How do these girls get caught up in trafficking?
This question reflects the tendency for people to place the blame on the child and ask, “How did they get themselves into this?” Perhaps the better question is, “What made them a target?” It’s imperative that we recognize these girls didn’t get “caught up.” For the same reasons listed above, pimps choose to recruit girls who have physical and emotional needs in their lives that are not being fulfilled. If a pimp were to target a healthy, active, affluent, well-supported young girl, his odds of success would be minimal. Although we know that this can happen, we primarily see vulnerable populations becoming targets. Pimps use promises of a better life, love, safety, security, food, shelter, gifts, and status as ways to recruit young girls.
How does the FBI partner with local social service agencies and non-profits?
FBI victim specialists work alongside law enforcement, child protective services, non-profit human services agencies, and medical providers to address the complexities of these cases. For all victims of commercial sexual exploitation in the Portland metro area, the FBI victim specialist often makes connections with the following non-profit service providers:
- Mental health organizations (such as LifeWorks Northwest)
- Community-based victim advocacy agencies (such as the Sexual Assault Resource Center, or SARC)
- Runaway and homeless youth programs (such as Janus Youth Programs)
- Faith-based programs (such as Door to Grace)
- Child abuse assessment centers (such as Cares Northwest)
What can parents do?
While it’s difficult to know for sure, the U.S. Department of Justice estimates the average age of entry into this life of commercial sexual exploitation is between 12 and 14 years of age. Parents should start early and talk to their children about this issue; education and awareness are key. Parents can support trafficking education in schools and talk to their children about Internet safety. Parents should also know their children’s friends and their friends’ friends.
How can concerned community members help?
As members of our community, it is our responsibility to be aware. When we see signs of commercially sexually exploited children, we need to focus on victim safety and offender accountability. Community members can promote legislation that protects victims and punishes the criminal. A concerned person can call the National Center for Missing and Exploited Children to report sighting of a missing child at 1-800-THE-LOST and/or they can contact the National Human Trafficking Resource Center to report a tip at 1-888-373-7888.

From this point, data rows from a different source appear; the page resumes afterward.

Lemma gmul_invK_r Z (a w : Hom Z A) (Hw : comp f w = comp f a)
    (H : comp f (gmul Hw) = comp f (comp i a)) :
  gmul H = w.
Proof.
  assert (Hia : comp f a = comp f (comp i a)) by (symmetry; apply f_inv).
  assert (H4 : comp f w = comp f (gmul Hia)) by (rewrite f_gmul; exact Hw).
  rewrite (gmul_assoc H H4).
  rewrite <- (gmul_unit_r (eq_sym (f_gunit w))). apply gmul_ext; [reflexivity|].
  rewrite gmul_inv_r. symmetry. apply gunit_eq, Hw.
Qed.

Lemma gmul_cancel_l Z (a x y : Hom Z A) (Hx : comp f a = comp f x) (Hy : comp f a = comp f y) :
  gmul Hx = gmul Hy -> x = y.
Proof.
  intros E.
  assert (Hx' : comp f (comp i a) = comp f (gmul Hx)) by (rewrite f_inv, f_gmul; reflexivity).
  assert (Hy' : comp f (comp i a) = comp f (gmul Hy)) by (rewrite f_inv, f_gmul; reflexivity).
  rewrite <- (gmul_invK_l Hx'), <- (gmul_invK_l Hy'). apply gmul_ext; [reflexivity | exact E].
Qed.

Lemma gmul_cancel_r Z (a x y : Hom Z A) (Hx : comp f x = comp f a) (Hy : comp f y = comp f a) :
  gmul Hx = gmul Hy -> x = y.
Proof.
  intros E.
  assert (Hx' : comp f (gmul Hx) = comp f (comp i a)) by (rewrite f_inv, f_gmul; exact Hx).
  assert (Hy' : comp f (gmul Hy) = comp f (comp i a)) by (rewrite f_inv, f_gmul; exact Hy).
  rewrite <- (gmul_invK_r Hx'), <- (gmul_invK_r Hy'). apply gmul_ext; [exact E | reflexivity].
Qed.

Lemma inv_inj Z (x y : Hom Z A) : comp i x = comp i y -> x = y.
Proof.
  intros E.
  assert (Exy : comp f x = comp f y) by (rewrite <- (f_inv x), <- (f_inv y), E; reflexivity).
  assert (Hx : comp f x = comp f (comp i x)) by (symmetry; apply f_inv).
  assert (Hy : comp f y = comp f (comp i x)) by (rewrite E; symmetry; apply f_inv).
  apply (gmul_cancel_r (Hx:=Hx) (Hy:=Hy)).
  rewrite gmul_inv_r. transitivity (gunit y); [apply gunit_eq, Exy|].
  rewrite <- (gmul_inv_r (eq_sym (f_inv y))). apply gmul_ext; [reflexivity | symmetry; exact E].
Qed.

Lemma pb_inv_comm : comp f (pb1 f f) = comp f (comp i (pb2 f f)).
Proof. rewrite f_inv. apply pb_comm. Qed.

Lemma pb_inv_comm_comp Z (u : Hom Z (pb f f)) :
  comp f (comp (pb1 f f) u) = comp f (comp i (comp (pb2 f f) u)).
Proof. rewrite f_inv. apply pb_comm_comp. Qed.

Definition gdiv : Hom (pb f f) A := comp m (pb_pair pb_inv_comm).

Lemma gdiv_comp Z (u : Hom Z (pb f f)) : comp gdiv u = gmul (pb_inv_comm_comp u).
Proof.
  unfold gdiv, gmul. rewrite <- comp_assoc. f_equal.
  apply pb_uniq; rewrite comp_assoc, ?pb_pair1, ?pb_pair2, <- ?comp_assoc; reflexivity.
Qed.

Lemma gdiv_diag Z (x : Hom Z A) : comp gdiv (pb_diag f x) = gunit x.
Proof.
  rewrite gdiv_comp, <- (gmul_inv_r (eq_sym (f_inv x))).
  apply gmul_ext; [apply pb1_diag | rewrite pb2_diag; reflexivity].
Qed.

Lemma internal_group_iso (wcd : weakly_congruence_distributive C) : is_iso f.
Proof.
  apply (split_epi_mono_iso (s := s)); [exact (proj1 G)|].
  apply (wcd_mono_criterion wcd (T := kernel_pair gdiv)); [apply kernel_pair_equiv | | |].
  - intros Z u v Tuv E1. apply pb_uniq; [exact E1|]. apply inv_inj.
    rewrite in_kernel_pair, !gdiv_comp in Tuv.
    assert (Hv : comp f (comp (pb1 f f) u) = comp f (comp i (comp (pb2 f f) v)))
      by (rewrite E1; apply pb_inv_comm_comp).
    apply (gmul_cancel_l (Hx:=pb_inv_comm_comp u) (Hy:=Hv)).
    rewrite Tuv. apply gmul_ext; [symmetry; exact E1 | reflexivity].
  - intros Z u v Tuv E2. apply pb_uniq; [|exact E2].
    rewrite in_kernel_pair, !gdiv_comp in Tuv.
    assert (Hv : comp f (comp (pb1 f f) v) = comp f (comp i (comp (pb2 f f) u)))
      by (rewrite E2; apply pb_inv_comm_comp).
    apply (gmul_cancel_r (Hx:=pb_inv_comm_comp u) (Hy:=Hv)).
    rewrite Tuv. apply gmul_ext; [reflexivity | rewrite E2; reflexivity].
  - intros Z x y Exy. apply in_kernel_pair. rewrite !gdiv_diag. apply gunit_eq, Exy.
Qed.

End InternalGroup.

Section AssociativeMaltsev.
Variable C : FinCompleteCategory.
Variables (Y : C) (p : Hom (cube Y) Y).
Hypothesis M : is_assoc_maltsev p.

Definition triple Z (x y z : Hom Z Y) : Hom Z (cube Y) := pair (pair x y) z.
Definition maltsev Z (x y z : Hom Z Y) : Hom Z Y := comp p (triple x y z).

Lemma prj1_triple Z (x y z : Hom Z Y) : comp (prj1 (prod Y Y) Y) (triple x y z) = pair x y.
Proof. apply prj1_pair. Qed.

Lemma prj2_triple Z (x y z : Hom Z Y) : comp (prj2 (prod Y Y) Y) (triple x y z) = z.
Proof. apply prj2_pair. Qed.

Lemma is_triple_triple Z (x y z : Hom Z Y) : is_triple (triple x y z) x y z.
Proof. unfold is_triple, triple. rewrite !prj1_pair, !prj2_pair. auto. Qed.

Lemma maltsev_xyy Z (x y : Hom Z Y) : maltsev x y y = x.
Proof. apply (proj1 M Z x y), is_triple_triple. Qed.

Lemma maltsev_yyx Z (x y : Hom Z Y) : maltsev y y x = x.
Proof. apply (proj1 (proj2 M) Z x y), is_triple_triple. Qed.

Lemma maltsev_assoc Z (x y z a b : Hom Z Y) :
  maltsev x y (maltsev z a b) = maltsev (maltsev x y z) a b.
Proof.
  apply (proj2 (proj2 M) Z x y z a b (triple z a b) (triple x y (maltsev z a b))
           (triple x y z) (triple (maltsev x y z) a b));
    apply is_triple_triple.
Qed.

Definition heap_rel : span (prod Y Y) :=
  {| sp_ob := cube Y; sp1 := prj1 (prod Y Y) Y; sp2 := pair p (prj2 (prod Y Y) Y) |}.

Lemma in_heap_rel Z (u v : Hom Z (prod Y Y)) :
  in_rel heap_rel u v <->
  maltsev (comp (prj1 Y Y) u) (comp (prj2 Y Y) u) (comp (prj2 Y Y) v) = comp (prj1 Y Y) v.
Proof.
  split.
  - intros [d [<- <-]]. simpl in d |- *. change (Hom Z (cube Y)) in d.
    rewrite !pair_comp, prj1_pair, prj2_pair.
    unfold maltsev, triple. f_equal. rewrite <- pair_eta. symmetry. apply pair_eta.
  - intros E. exists (triple (comp (prj1 Y Y) u) (comp (prj2 Y Y) u) (comp (prj2 Y Y) v)).
    cbn [heap_rel sp_ob sp1 sp2]. split.
    + rewrite prj1_triple. symmetry. apply pair_eta.
    + rewrite pair_comp, prj2_triple.
      transitivity (pair (comp (prj1 Y Y) v) (comp (prj2 Y Y) v)).
      * f_equal. exact E.
      * symmetry. apply pair_eta.
Qed.

Lemma heap_rel_equiv : is_equivalence_relation heap_rel.
Proof.
  split; [|split; [|split]].
  - intros Z a b E1 E2. simpl in *. apply pair_uniq; [exact E1|].
    pose proof (f_equal (comp (prj2 Y Y)) E2) as E3.
    rewrite !comp_assoc, prj2_pair in E3. exact E3.
  - intros Z x. apply in_heap_rel, maltsev_xyy.
  - intros Z x y. rewrite !in_heap_rel. intros E.
    rewrite <- E, <- maltsev_assoc, maltsev_yyx, maltsev_xyy. reflexivity.
  - intros Z x y z. rewrite !in_heap_rel. intros E1 E2.
    rewrite <- E2, <- E1, <- maltsev_assoc, maltsev_yyx. reflexivity.
Qed.

Lemma assoc_maltsev_subterminal (wcd : weakly_congruence_distributive C) :
  is_mono (to_term Y).
Proof.
  apply (wcd_mono_criterion wcd (T := heap_rel)); [exact heap_rel_equiv | | |].
  - intros Z u v Huv E1. apply in_heap_rel in Huv. apply pair_uniq; [exact E1|].
    change (comp (prj1 Y Y) u = comp (prj1 Y Y) v) in E1.
    set (a := comp (prj1 Y Y) u) in *. set (b := comp (prj2 Y Y) u) in *.
    set (d := comp (prj2 Y Y) v) in *. rewrite <- E1 in Huv.
    transitivity (maltsev b a (maltsev a b d)).
    + rewrite Huv, maltsev_xyy. reflexivity.
    + rewrite maltsev_assoc, maltsev_xyy, maltsev_yyx. reflexivity.
  - intros Z u v Huv E2. apply in_heap_rel in Huv. apply pair_uniq; [|exact E2].
    change (comp (prj2 Y Y) u = comp (prj2 Y Y) v) in E2.
    rewrite <- Huv, E2, maltsev_xyy. reflexivity.
  - intros Z x y _. apply in_heap_rel.
    unfold prj1, prj2, prod. rewrite !pb1_diag, !pb2_diag. apply maltsev_yyx.
Qed.

End AssociativeMaltsev.

Theorem mainTheorem11 (C : FinCompleteCategory) :
  weakly_congruence_distributive C ->
  (forall (X A : C) (f : Hom A X) (s : Hom X A) (m : Hom (pb f f) A) (i : Hom A A),
      is_internal_group_in_Pt s m i -> is_iso f) /\
  (forall (Y : C) (p : Hom (cube Y) Y),
      is_assoc_maltsev p -> is_mono (to_term Y)).
Proof.
  intros wcd. split.
  - intros X A f s m i G. exact (internal_group_iso G wcd).
  - intros Y p M. exact (assoc_maltsev_subterminal M wcd).
Qed.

Concerned citizens can also find ways to get involved with community groups, like Oregonians Against the Trafficking of Humans (OATH) or the Oregon Chapter of the FBI Citizens Academy Alumni Association. Non-profit organizations such as these promote awareness and provide leadership in special projects, such as creating bags of toiletries, clothing, blankets, and basic supplies for youth. Other community members have created scholarships, allowing the girls access to much needed education and training. I have heard of coffee companies hosting free “barista schools” to help train girls to have a skill so they can support themselves outside of their pimp’s control. These are all great ways to show support.